Gee... I wonder when AFRICA and its 'Just like us' niggers will ever get to the moon?
How about making a chip fab plant?
An aeroplane?
A car?
A bicycle?
Anything?
Oh, I forget... the only things blacks are good at is killing each other, and their local wildlife...
Perhaps you'd like to peruse this list before you make any wild claims about Africans not being able to invent anything - warship engines, carbon filaments, communication systems, gas masks, refrigeration systems, the list goes on. Before you claim they were helped by 'white civiization' by being in the United States, how many whites have patented revolutionary inventions in the middle of the Congo? Answers on a postcard, please.
The Congolese savages are right now finishing off the last 700 GORILLAS ON EARTH.

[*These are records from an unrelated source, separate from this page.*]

(* Let $\mathcal{W}$ be a finite set, let $(X_t)_{t\ge 1}$ be a time-homogeneous first-order Markov chain on $\mathcal{W}$ with initial distribution $p_{x_1}$ and transition probabilities $q_x(x_{t+1}\mid x_t)$, and let $d:\mathcal{W}\times\mathcal{W}\to\mathbb{R}$ be a distortion measure and $\bar D$ a threshold. Consider the optimization problem $$\min_{\{q_t(y_t\mid x^t,y^{t-1})\}_{t\ge 1}} \ \lim_{n\to\infty}\frac1n\sum_{t=1}^n I^{\boldsymbol q}(X^t;Y_t\mid Y^{t-1})\quad\text{subject to}\quad \lim_{n\to\infty}\mathbb{E}\Big[\frac1n\sum_{t=1}^n d(X_t,Y_t)\Big]\le \bar D,$$ where the minimization is over the set $\mathcal{Q}_H$ of history-dependent release policies. Then there is no loss of optimality in restricting this minimization to the set $\mathcal{Q}_S\subseteq\mathcal{Q}_H$ of simplified policies, i.e. policies $\boldsymbol q_s=\{q^s_t(y_t\mid x_t,x_{t-1},y^{t-1})\}_{t\ge1}$. Furthermore, for any $\boldsymbol q_s\in\mathcal{Q}_S$ and any $n$, the induced information leakage satisfies $$I^{\boldsymbol q_s}(X^n;Y^n)=\sum_{t=1}^n I^{\boldsymbol q_s}(X_t,X_{t-1};Y_t\mid Y^{t-1})=\sum_{t=1}^n\ \sum_{y^t\in\mathcal{W}^t,\ x_t,x_{t-1}\in\mathcal{W}} P^{\boldsymbol q_s}(x_t,x_{t-1},y^t)\log\frac{q^s_t(y_t\mid x_t,x_{t-1},y^{t-1})}{P^{\boldsymbol q_s}(y_t\mid y^{t-1})}.$$
   Context: Notation: $X^t=(X_1,\dots,X_t)$, $Y^{t-1}=(Y_1,\dots,Y_{t-1})$, with $Y^0$ empty; at $t=1$ terms involving $X_0$ are absent (e.g. $q_1(y_1\mid x_1)$). A history-dependent location release policy is a sequence $\boldsymbol q=\{q_t(y_t\mid x^t,y^{t-1})\}_{t\ge1}$ of conditional probability distributions on $\mathcal{W}$ (so $\sum_{y_t\in\mathcal W}q_t(y_t\mid x^t,y^{t-1})=1$); $\mathcal{Q}_H$ denotes the set of all such policies. The released locations $Y_t\in\mathcal{W}$ are generated so that the joint law is $$P^{\boldsymbol q}(X^n=x^n,Y^n=y^n)=p_{x_1}(x_1)q_1(y_1\mid x_1)\prod_{t=2}^n q_x(x_t\mid x_{t-1})\,q_t(y_t\mid x^t,y^{t-1}).$$ $I^{\boldsymbol q}$, $P^{\boldsymbol q}$ and the expectation denote mutual information, probabilities and expectation under this joint law. $\mathcal{Q}_S$ is the set of policies in $\mathcal{Q}_H$ of the form $q^s_t(y_t\mid x_t,x_{t-1},y^{t-1})$, i.e. depending on the true trajectory only through the current and previous true locations (and on the whole released history). *)

From HB Require Import structures.
From mathcomp Require Import all_boot all_order all_algebra.
From mathcomp Require Import all_classical all_reals all_analysis.
Unset Printing Implicit Defensive.
Import Order.TTheory GRing.Theory Num.Theory.
Local Open Scope ring_scope.

Section Privacy.
Context {R : realType} {W : finType}.

Definition xlogr (p a : R) : R := if p == 0 then 0 else p * ln a.

Definition MI {A B : finType} (P : A -> B -> R) : R :=
  \sum_(a : A) \sum_(b : B)
     xlogr (P a b) (P a b / ((\sum_(b' : B) P a b') * (\sum_(a' : A) P a' b))).

Definition CMI {A B C : finType} (P : A -> B -> C -> R) : R :=
  \sum_(a : A) \sum_(b : B) \sum_(c : C)
     xlogr (P a b c)
       (P a b c * (\sum_(a' : A) \sum_(b' : B) P a' b' c)
        / ((\sum_(b' : B) P a b' c) * (\sum_(a' : A) P a' b c))).

Definition is_pmf (p : W -> R) : Prop :=
  (forall x, 0 <= p x) /\ \sum_(x : W) p x = 1.

(* qx a b = q_x(X_{t+1} = b | X_t = a) *)
Definition is_kernel (qx : W -> W -> R) : Prop :=
  (forall a b, 0 <= qx a b) /\ (forall a, \sum_(b : W) qx a b = 1).

(* A history-dependent policy, 0-based time: q i xs ys y stands for
   q_{i+1}(y_{i+1} = y | x^{i+1} = xs, y^{i} = ys); only its values on
   |xs| = i+1, |ys| = i matter. *)
Definition policy := nat -> seq W -> seq W -> W -> R.

Definition is_policyH (q : policy) : Prop :=
  forall (i : nat) (xs : i.+1.-tuple W) (ys : i.-tuple W),
    (forall y, 0 <= q i xs ys y) /\ \sum_(y : W) q i xs ys y = 1.

Definition chainP (p1 : W -> R) (qx : W -> W -> R) (xs : seq W) : R :=
  if xs is x :: s then p1 x * \prod_(pr <- zip xs s) qx pr.1 pr.2 else 1.

Definition polP (q : policy) (xs ys : seq W) : R :=
  \prod_(pr <- zip (iota 0 (size ys)) ys)
     q pr.1 (take pr.1.+1 xs) (take pr.1 ys) pr.2.

Definition jointP p1 qx (q : policy) (xs ys : seq W) : R :=
  chainP p1 qx xs * polP q xs ys.

(* (X_{t-1}, X_t) of a trajectory; X_0 absent is encoded as None *)
Definition lasttwo (xs : seq W) : option (option W * W) :=
  match rev xs with
  | [::] => None
  | [:: x] => Some (None, x)
  | x :: x' :: _ => Some (Some x', x)
  end.

(* simplified policies: qs i xprev x ys y = q^s_{i+1}(y | x_{i+1}=x, x_i=xprev, y^i = ys) *)
Definition spolicy := nat -> option W -> W -> seq W -> W -> R.

Definition embedS (qs : spolicy) : policy :=
  fun i xs ys y => if lasttwo xs is Some (pw, w) then qs i pw w ys y else 0.

(* joint pmf of (X^t, Y_t, Y^{t-1}), t = i+1 *)
Definition P_hist p1 qx (q : policy) (i : nat)
  (xs : i.+1.-tuple W) (y : W) (yp : i.-tuple W) : R :=
  jointP p1 qx q xs (rcons yp y).

(* joint pmf of ((X_{t-1}, X_t), Y_t, Y^{t-1}), t = i+1 *)
Definition P_simp p1 qx (q : policy) (i : nat)
  (pr : option W * W) (y : W) (yp : i.-tuple W) : R :=
  \sum_(xs : i.+1.-tuple W | lasttwo xs == Some pr) jointP p1 qx q xs (rcons yp y).

Definition PY p1 qx (q : policy) (t : nat) (ys : seq W) : R :=
  \sum_(xs : t.-tuple W) jointP p1 qx q xs ys.

Definition leakage p1 qx (q : policy) (n : nat) : R :=
  MI (fun xs ys : n.-tuple W => jointP p1 qx q xs ys).

Definition avg_leak p1 qx (q : policy) (n : nat) : R :=
  n%:R^-1 * \sum_(i < n) CMI (P_hist p1 qx q i).

Definition avg_dist p1 qx (d : W -> W -> R) (q : policy) (n : nat) : R :=
  \sum_(xs : n.-tuple W) \sum_(ys : n.-tuple W)
    jointP p1 qx q xs ys * (n%:R^-1 * \sum_(i < n) d (tnth xs i) (tnth ys i)).

(* the "lim" of the paper read as limit superior (equal to lim when it exists) *)
Definition objective p1 qx (q : policy) : \bar R :=
  limn_esup (fun n => (avg_leak p1 qx q n)%:E).

Definition feasible p1 qx d (Dbar : R) (q : policy) : Prop :=
  (limn_esup (fun n => (avg_dist p1 qx d q n)%:E) <= Dbar%:E)%E.

Definition explicit_term p1 qx (qs : spolicy) (i : nat) : R :=
  \sum_(yp : i.-tuple W) \sum_(y : W) \sum_(pr : option W * W)
    xlogr (P_simp p1 qx (embedS qs) i pr y yp)
      (qs i pr.1 pr.2 yp y /
         (PY p1 qx (embedS qs) i.+1 (rcons yp y) / PY p1 qx (embedS qs) i yp)).

End Privacy.

(* Given a policy q, let q^s_t(y | x_t, x_{t-1}, y^{t-1}) be the conditional
   law of Y_t given (X_{t-1}, X_t, Y^{t-1}) under q.  Since X is Markov, the law
   of (X_{t-1}, X_t) jointly with the releases is propagated by the transition
   kernel alone, so by induction on t the joint law of (X_{t-1}, X_t, Y^t) is the
   same under q and under q^s; the expected distortion only depends on these
   laws.  The term I(X^t; Y_t | Y^{t-1}) can only decrease when X^t is
   coarse-grained to (X_{t-1}, X_t) (data processing, via Gibbs' inequality),
   and under a simplified policy this coarse-graining loses nothing.
   For the explicit formula, P(y^n | x^n) is the product of the q^s_t, so
   I(X^n; Y^n) = E[log P(Y^n | X^n) / P(Y^n)] telescopes into the sum over t of
   E[log q^s_t / P(Y_t | Y^{t-1})], which also equals I(X_t, X_{t-1}; Y_t | Y^{t-1}). *)

From Pilot Require Import Defs.
From mathcomp Require Import all_boot all_order all_algebra.
From mathcomp Require Import all_classical all_reals all_analysis.
From mathcomp Require Import ring lra.

Set Implicit Arguments.
Unset Strict Implicit.
Unset Printing Implicit Defensive.
Import Order.TTheory GRing.Theory Num.Theory.
Local Open Scope ring_scope.

Lemma xlogrE (R : realType) (p a : R) : xlogr p a = p * ln a.
Proof. by rewrite /xlogr; case: eqP => [->|]; rewrite ?mul0r. Qed.

Lemma ler_sum_term (R : numDomainType) (I : finType) (P : pred I) (F : I -> R) i :
  P i -> (forall j, 0 <= F j) -> F i <= \sum_(j | P j) F j.
Proof. by move=> Pi F0; rewrite (bigD1 i) //= lerDl sumr_ge0. Qed.

Lemma ler_sum_termT (R : numDomainType) (I : finType) (F : I -> R) i :
  (forall j, 0 <= F j) -> F i <= \sum_j F j.
Proof. exact: ler_sum_term. Qed.

Lemma sumr3B (V : zmodType) (A B C : finType) (F G : A -> B -> C -> V) :
  \sum_a \sum_b \sum_c (F a b c - G a b c) =
  \sum_a \sum_b \sum_c F a b c - \sum_a \sum_b \sum_c G a b c.
Proof. by rewrite -sumrB; apply: eq_bigr => a _; rewrite -sumrB; apply: eq_bigr => b _; rewrite -sumrB. Qed.

Lemma sum3_rot (V : nmodType) (A B C : finType) (F : A -> B -> C -> V) :
  \sum_a \sum_b \sum_c F a b c = \sum_c \sum_a \sum_b F a b c.
Proof.
transitivity (\sum_(p : A * B) \sum_c F p.1 p.2 c); first by rewrite pair_big.
by rewrite exchange_big; apply: eq_bigr => c _; rewrite pair_big.
Qed.

Lemma sum3_rev (V : nmodType) (A B C : finType) (F : A -> B -> C -> V) :
  \sum_a \sum_b \sum_c F a b c = \sum_c \sum_b \sum_a F a b c.
Proof. by rewrite sum3_rot; apply: eq_bigr => c _; rewrite exchange_big. Qed.

Lemma sum4_swap (V : nmodType) (A B C D : finType) (F : A -> B -> C -> D -> V) :
  \sum_a \sum_b \sum_c \sum_d F a b c d = \sum_c \sum_d \sum_a \sum_b F a b c d.
Proof.
transitivity (\sum_(p : A * B) \sum_(q : C * D) F p.1 p.2 q.1 q.2).
  by rewrite pair_big; apply: eq_bigr => p _; rewrite pair_big.
by rewrite exchange_big [RHS]pair_big; apply: eq_bigr => q _; rewrite pair_big.
Qed.

Lemma sum_tuple_rcons (V : nmodType) (T : finType) n (F : n.+1.-tuple T -> V) :
  \sum_(t : n.+1.-tuple T) F t = \sum_(t : n.-tuple T) \sum_x F [tuple of rcons t x].
Proof.
rewrite pair_big /= (reindex (fun p : n.-tuple T * T => [tuple of rcons p.1 p.2])) //.
exists (fun t => ([tuple of belast (thead t) (behead t)], last (thead t) (behead t))).
  move=> [[[|a s] sz] x] _ /=; congr (_, _); rewrite ?last_rcons //.
  - exact: val_inj.
  - by apply: val_inj; rewrite /= belast_rcons.
by move=> t _; apply/val_inj; rewrite /= -lastI [in RHS](tuple_eta t).
Qed.

Lemma sum_tuple0 (V : nmodType) (T : finType) (F : 0.-tuple T -> V) :
  \sum_(t : 0.-tuple T) F t = F [tuple].
Proof. by rewrite (big_pred1 [tuple]) // => t; apply/esym/eqP; exact: tuple0. Qed.

Lemma mem_zip_iota_lt (T : eqType) k n (s : seq T) pr :
  pr \in zip (iota k n) s -> (pr.1 < k + n)%N.
Proof.
elim: n k s => [|n IH] k [|y s] //=; rewrite in_cons => /orP[/eqP -> /=|/IH].
  by rewrite addnS ltnS leq_addr.
by rewrite addSnnS.
Qed.

Lemma lee_limn_esup (R : realType) (u v : (\bar R)^nat) :
  (forall n, (u n <= v n)%E) -> (limn_esup u <= limn_esup v)%E.
Proof.
move=> uv; rewrite !limn_esup_lim; apply: lee_lim; [exact: is_cvg_esups|exact: is_cvg_esups|].
apply: nearW => n; apply: ge_ereal_sup => _ [k nk <-].
by apply: le_trans (uv k) _; apply: ereal_sup_ubound; exists k.
Qed.

Lemma ler_sub_mul_ln_div (R : realType) (p q : R) :
  0 <= p -> 0 <= q -> (0 < p -> 0 < q) -> p - q <= p * ln (p / q).
Proof.
move=> p0 q0 pq; have [->|pn0] := eqVneq p 0; first by rewrite mul0r sub0r oppr_le0.
have pp : 0 < p by rewrite lt_def pn0.
have qp := pq pp.
have ln_qp : ln (q / p) <= q / p - 1.
  have qp_gt0 : 0 < q / p by exact: divr_gt0.
  by have := @le_ln1Dx R (q / p - 1); rewrite (addrC 1) subrK; apply; lra.
rewrite -invf_div lnV ?posrE ?divr_gt0 // mulrN.
have : p * ln (q / p) <= p * (q / p - 1) by rewrite ler_pM2l.
by rewrite mulrBr mulr1 mulrCA divff ?gt_eqF // mulr1; lra.
Qed.

(** * Coarse-graining decreases conditional mutual information *)

Section Marginals.
Context {R : realType} {A B C : finType}.
Variable Q : A -> B -> C -> R.

Definition marg_C c := \sum_a \sum_b Q a b c.
Definition marg_AC a c := \sum_b Q a b c.
Definition marg_BC b c := \sum_a Q a b c.

Lemma CMIE : CMI Q = \sum_a \sum_b \sum_c
  Q a b c * ln (Q a b c * marg_C c / (marg_AC a c * marg_BC b c)).
Proof. by do 3![apply: eq_bigr => ? _]; rewrite xlogrE. Qed.

End Marginals.

Section CoarseGraining.
Variables (R : realType) (A A' B C : finType) (f : A -> A').

Definition coarse (Q : A -> B -> C -> R) a' b c := \sum_(a | f a == a') Q a b c.

Lemma sum_coarse (Q : A -> B -> C -> R) (G : A' -> B -> C -> R) :
  \sum_a' \sum_b \sum_c coarse Q a' b c * G a' b c =
  \sum_a \sum_b \sum_c Q a b c * G (f a) b c.
Proof.
rewrite [RHS](partition_big f predT) //=; apply: eq_bigr => a' _.
under eq_bigr => b _ do under eq_bigr => c _ do rewrite /coarse mulr_suml.
under eq_bigr => b _ do rewrite exchange_big /=.
by rewrite exchange_big /=; apply: eq_bigr => a /eqP <-.
Qed.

You couldn't be more uninformed if you tried. While there are, admittedly only around 700 mountain gorillas left, you miss out quite spectacularly on a couple of points:
* The Mountain Gorilla (Gorilla beringei beringei) is far from the only species of gorilla - the Western Lowland Gorilla (Gorilla beringei gorilla), Eastern Lowland Gorilla (Gorilla beringei graueri) and Cross River Gorilla (Gorilla beringei dielhi) take the total gorilla population up to around 150,000 - still not great, and still needing our utmost attention, but nowhere near as endangered as you make them out to be.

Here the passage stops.